Required action:
Your reply should reproduce each record precisely as written.

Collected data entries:
(* Let $d>k>1$. For any ground-truth heads $\mathbf{w}_{\ast,1},\dots,\mathbf{w}_{\ast,M}\in\mathbb{R}^k$, any full-rank $\mathbf{B}_0\in\mathbb{R}^{d\times k}$, any initial head $\mathbf{w}_0\in\mathbb{R}^k$, any $\delta_0\in(0,1/2]$, any step size $\alpha>0$ and any number of rounds $T$, there exists $\mathbf{B}_\ast\in\mathbb{R}^{d\times k}$ with orthonormal columns such that $\operatorname{dist}(\mathbf{B}_0,\mathbf{B}_\ast)=\delta_0$, $\mathbf{B}_\ast\bar{\mathbf{w}}_\ast\in\operatorname{col}(\mathbf{B}_0)$, and $\operatorname{dist}(\mathbf{B}_T^{\mathrm{D\text{-}GD}},\mathbf{B}_\ast)\ge 0.7\,\delta_0$, where $\mathbf{B}_T^{\mathrm{D\text{-}GD}}$ is the representation produced after $T$ rounds of D-GD with step size $\alpha$ from $(\mathbf{B}_0,\mathbf{w}_0)$ in the system with ground-truth representation $\mathbf{B}_\ast$ and heads $\{\mathbf{w}_{\ast,i}\}$.
   Context: Client $i$'s population loss is $f_i(\mathbf{B},\mathbf{w})=\tfrac12\|\mathbf{B}\mathbf{w}-\mathbf{B}_\ast\mathbf{w}_{\ast,i}\|_2^2$; $\bar{\mathbf{w}}_\ast=\frac1M\sum_i\mathbf{w}_{\ast,i}$. D-GD (distributed gradient descent, i.e. FedAvg with one local step and all clients participating) on $\frac1M\sum_i f_i$: $\mathbf{B}_{t+1}=\mathbf{B}_t-\alpha(\mathbf{B}_t\mathbf{w}_t-\mathbf{B}_\ast\bar{\mathbf{w}}_\ast)\mathbf{w}_t^\top$, $\mathbf{w}_{t+1}=\mathbf{w}_t-\alpha\mathbf{B}_t^\top(\mathbf{B}_t\mathbf{w}_t-\mathbf{B}_\ast\bar{\mathbf{w}}_\ast)$. Principal angle distance: for full-rank $\mathbf{B}_1,\mathbf{B}_2\in\mathbb{R}^{d\times k}$, $\operatorname{dist}(\mathbf{B}_1,\mathbf{B}_2)=\|\bar{\mathbf{B}}_{1,\perp}^\top\bar{\mathbf{B}}_2\|_2$, where the columns of $\bar{\mathbf{B}}_{1,\perp}$ and $\bar{\mathbf{B}}_2$ are orthonormal bases of $\operatorname{col}(\mathbf{B}_1)^\perp$ and $\operatorname{col}(\mathbf{B}_2)$. *)

From mathcomp Require Import all_boot all_order all_algebra.
From mathcomp Require Import boolp classical_sets reals.
Set Implicit Arguments. Unset Strict Implicit. Unset Printing Implicit Defensive.
Import Order.TTheory GRing.Theory Num.Theory.
Local Open Scope ring_scope.
Local Open Scope classical_set_scope.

Task output:
(* Let $d>k>1$. For any ground-truth heads $\mathbf{w}_{\ast,1},\dots,\mathbf{w}_{\ast,M}\in\mathbb{R}^k$, any full-rank $\mathbf{B}_0\in\mathbb{R}^{d\times k}$, any initial head $\mathbf{w}_0\in\mathbb{R}^k$, any $\delta_0\in(0,1/2]$, any step size $\alpha>0$ and any number of rounds $T$, there exists $\mathbf{B}_\ast\in\mathbb{R}^{d\times k}$ with orthonormal columns such that $\operatorname{dist}(\mathbf{B}_0,\mathbf{B}_\ast)=\delta_0$, $\mathbf{B}_\ast\bar{\mathbf{w}}_\ast\in\operatorname{col}(\mathbf{B}_0)$, and $\operatorname{dist}(\mathbf{B}_T^{\mathrm{D\text{-}GD}},\mathbf{B}_\ast)\ge 0.7\,\delta_0$, where $\mathbf{B}_T^{\mathrm{D\text{-}GD}}$ is the representation produced after $T$ rounds of D-GD with step size $\alpha$ from $(\mathbf{B}_0,\mathbf{w}_0)$ in the system with ground-truth representation $\mathbf{B}_\ast$ and heads $\{\mathbf{w}_{\ast,i}\}$.
   Context: Client $i$'s population loss is $f_i(\mathbf{B},\mathbf{w})=\tfrac12\|\mathbf{B}\mathbf{w}-\mathbf{B}_\ast\mathbf{w}_{\ast,i}\|_2^2$; $\bar{\mathbf{w}}_\ast=\frac1M\sum_i\mathbf{w}_{\ast,i}$. D-GD (distributed gradient descent, i.e. FedAvg with one local step and all clients participating) on $\frac1M\sum_i f_i$: $\mathbf{B}_{t+1}=\mathbf{B}_t-\alpha(\mathbf{B}_t\mathbf{w}_t-\mathbf{B}_\ast\bar{\mathbf{w}}_\ast)\mathbf{w}_t^\top$, $\mathbf{w}_{t+1}=\mathbf{w}_t-\alpha\mathbf{B}_t^\top(\mathbf{B}_t\mathbf{w}_t-\mathbf{B}_\ast\bar{\mathbf{w}}_\ast)$. Principal angle distance: for full-rank $\mathbf{B}_1,\mathbf{B}_2\in\mathbb{R}^{d\times k}$, $\operatorname{dist}(\mathbf{B}_1,\mathbf{B}_2)=\|\bar{\mathbf{B}}_{1,\perp}^\top\bar{\mathbf{B}}_2\|_2$, where the columns of $\bar{\mathbf{B}}_{1,\perp}$ and $\bar{\mathbf{B}}_2$ are orthonormal bases of $\operatorname{col}(\mathbf{B}_1)^\perp$ and $\operatorname{col}(\mathbf{B}_2)$. *)

From mathcomp Require Import all_boot all_order all_algebra.
From mathcomp Require Import boolp classical_sets reals.
Set Implicit Arguments. Unset Strict Implicit. Unset Printing Implicit Defensive.
Import Order.TTheory GRing.Theory Num.Theory.
Local Open Scope ring_scope.
Local Open Scope classical_set_scope.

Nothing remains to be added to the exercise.